Define Job Design. Identify the important factors and their influences in designing the Job.

What is "job design"?
Job design refers to the way that a set of tasks, or an entire job, is organized. Job design helps to determine:
•   what tasks are done,
•   how the tasks are done,
•   how many tasks are done, and
•   in what order the tasks are done.
It takes into account all factors which affect the work, and organizes the content and tasks so that the whole job is less likely to be a risk to the employee. Job design involves administrative areas such as:
•   job rotation,
•   job enlargement,
•   task/machine pacing,
•   work breaks, and
•   working hours.
A well designed job will encourage a variety of 'good' body positions, have reasonable strength requirements, require a reasonable amount of mental activity, and help foster feelings of achievement and self-esteem.
How can job design help with the organization of work?
Job design principles can address problems such as:
•   work overload,
•   work underload,
•   repetitiveness,
•   limited control over work,
•   isolation,
•   shiftwork,
•   delays in filling vacant positions,
•   excessive working hours, and
•   limited understanding of the whole job process.
Job design is sometimes considered as a way to help deal with stress in the workplace.
Is there a difference between job design and workplace design?
Job design and workplace design are often used interchangeably because both contribute to keep the physical requirements of a job reasonable.
Job design refers to administrative changes that can help improve working conditions.
In comparison, workplace design concentrates on dealing with the workstation, the tools, and the body position that all influence the way a person does his or her work. Good workplace design reduces static positions, repetitive motions and awkward body positions.
What are features of "good" job design?
Good job design accommodates employees' mental and physical characteristics by paying attention to:
•   muscular energy such as work/rest schedules or pace of work, and
•   mental energy such as boring versus extremely difficult tasks.
Good job design:
•   allows for employee input. Employees should have the option to vary activities according to personal needs, work habits, and the circumstances in the workplace.
•   gives employees a sense of accomplishment.
•   includes training so employees know what tasks to do and how to do them properly.
•   provides good work/rest schedules.
•   allows for an adjustment period for physically demanding jobs.
•   provides feedback to the employees about their performance.
•   minimizes energy expenditure and force requirements.
•   balances static and dynamic work.
Job design is an ongoing process.
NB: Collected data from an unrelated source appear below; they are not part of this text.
End RandomizedMinimax.

Theorem theorem3 (C : finType) (n l : nat) (pref : 'I_n -> rel C)
  (Hpref : forall v, strict_linear_order (pref v))
  (Hm : (2 <= #|C|)%N) (Hl2 : (2 <= l)%N) (Hlm : (l <= #|C|)%N)
  (c cmin : C) (Hcmin : cmin != c)
  (Hargmin : forall c', c' != c -> (scMM2 pref c cmin <= scMM2 pref c c')%N)
  (eps : R) (Heps : 0 < eps <= 1) :
  prob_deviates pref l eps c <=
     INR #|C| * exp (- (eps ^ 2 * INR l ^ 2 * INR (scMM2 pref c cmin))
                      / (6 * INR #|C| ^ 2)).
Proof.
have : 2 <= INR #|C| by apply: (le_INR 2); apply/leP.
set m := INR #|C| => m_ge2.
have Omega_pos := card_Omega_gt0 n Hlm.
case: (posnP (scMM2 pref c cmin)) => [S0 | S_gt0].
  rewrite S0 /= Rmult_0_r Ropp_0 /Rdiv Rmult_0_l exp_0 Rmult_1_r.
  by have := prob_deviates_le1 pref c eps Hlm; lra.
have n_gt0 : (0 < n)%N := leq_trans S_gt0 (scMM2_le _ _ _).
have Hl : (2 <= l <= #|C|)%N by rewrite Hl2 Hlm.
rewrite /prob_deviates; apply/Rle_div_l => //.
apply: Rle_trans (card_deviates_le l Hpref Heps Hcmin Hargmin n_gt0) _.
apply: Rle_trans (Rsum_le (fun j _ => mgf_tail_stat_at Heps Hcmin Hargmin j Hl n_gt0)) _.
by rewrite /m Rsum_const; apply: Req_le; ring.
Qed.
The goal is to make adjustments as conditions or tasks change within the workplace.
What are common approaches to job design?
Achieving good job design involves administrative practices that determine what the employee does, for how long, where, and when as well as giving the employees choice where ever possible. In job design, you may choose to examine the various tasks of an individual job or the design of a group of jobs.
Approaches to job design include:
Job Enlargement: Job enlargement changes the jobs to include more and/or different tasks. Job enlargement should add interest to the work but may or may not give employees more responsibility.
Job Rotation: Job rotation moves employees from one task to another. It distributes the group tasks among a number of employees.
Job Enrichment: Job enrichment allows employees to assume more responsibility, accountability, and independence when learning new tasks or to allow for greater participation and new opportunities.
Work Design (Job Engineering): Work design allows employees to see how the work methods, layout and handling procedures link together as well as the interaction between people and machines.
What are the overall goals of job design?
Goals can be in many difference areas and include:
Task Variety
To alleviate boredom, avoid both excessive static body positions and repetitive movements. Design jobs to have a variety of tasks that require changes in body position, muscles used, and mental activities.
Two methods are job enlargement and job rotation. For example, if an employee normally assembles parts, the job may be enlarged to include new tasks such as work planning, inspection / quality control, or maintenance. Alternatively, the tasks may include working in the same department, but changing tasks every hour. For example, in a laundry facility employees can rotate between various stations (sorting, washer, dryer, iron, etc) as long as it provides for a change in physical or mental expenditure.
Work Breaks / Rest Breaks
Rest breaks help alleviate the problems of unavoidable repetitive movements or static body positions. More frequent but shorter breaks (sometimes called "micro breaks") are sometimes preferable to fewer long breaks.
During rest breaks, encourage employees to change body position and to exercise. It is important that employees stretch and use different muscle groups. If the employee has been very active, a rest break should include a stationary activity or stretching.
Allowance for an Adjustment Period
When work demands physical effort, have an adjustment period for new employees and for all employees after holidays, layoffs, or illnesses. Allow time to become accustomed to the physical demands of work by gradually "getting in shape." Employees who work in extreme hot or cold conditions also need time to acclimatize.
Provide Training
Training in correct work procedures and equipment operation is needed so that employees understand what is expected of them and how to work safely. Training should be organized, consistent and ongoing. It may occur in a classroom or on the job.
Vary Mental Activities
Tasks should be coordinated so that they are balanced during the day for the individual employee as well as balanced among a group of employees. You may want to allow the employee some degree of choice as to what types of mental tasks they want to do and when. This choice will allow the employee to do tasks when best suited to their 'alertness' patterns during the day. Some people may prefer routine tasks in the morning (such as checklists or filling in forms) and save tasks such as problem solving until the afternoon, or vice versa.
Job Analysis is a process to identify and determine in detail the particular job duties and requirements and the relative importance of these duties for a given job. Job Analysis is a process where judgements are made about data collected on a job.
There are two key elements of a job analysis:

1. Identification of major job requirements (MJRs) which are the most important duties and responsibilities of the position to be filled. They are the main purpose or primary reasons the position exists. The primary source of MJRs is the most current, official position description.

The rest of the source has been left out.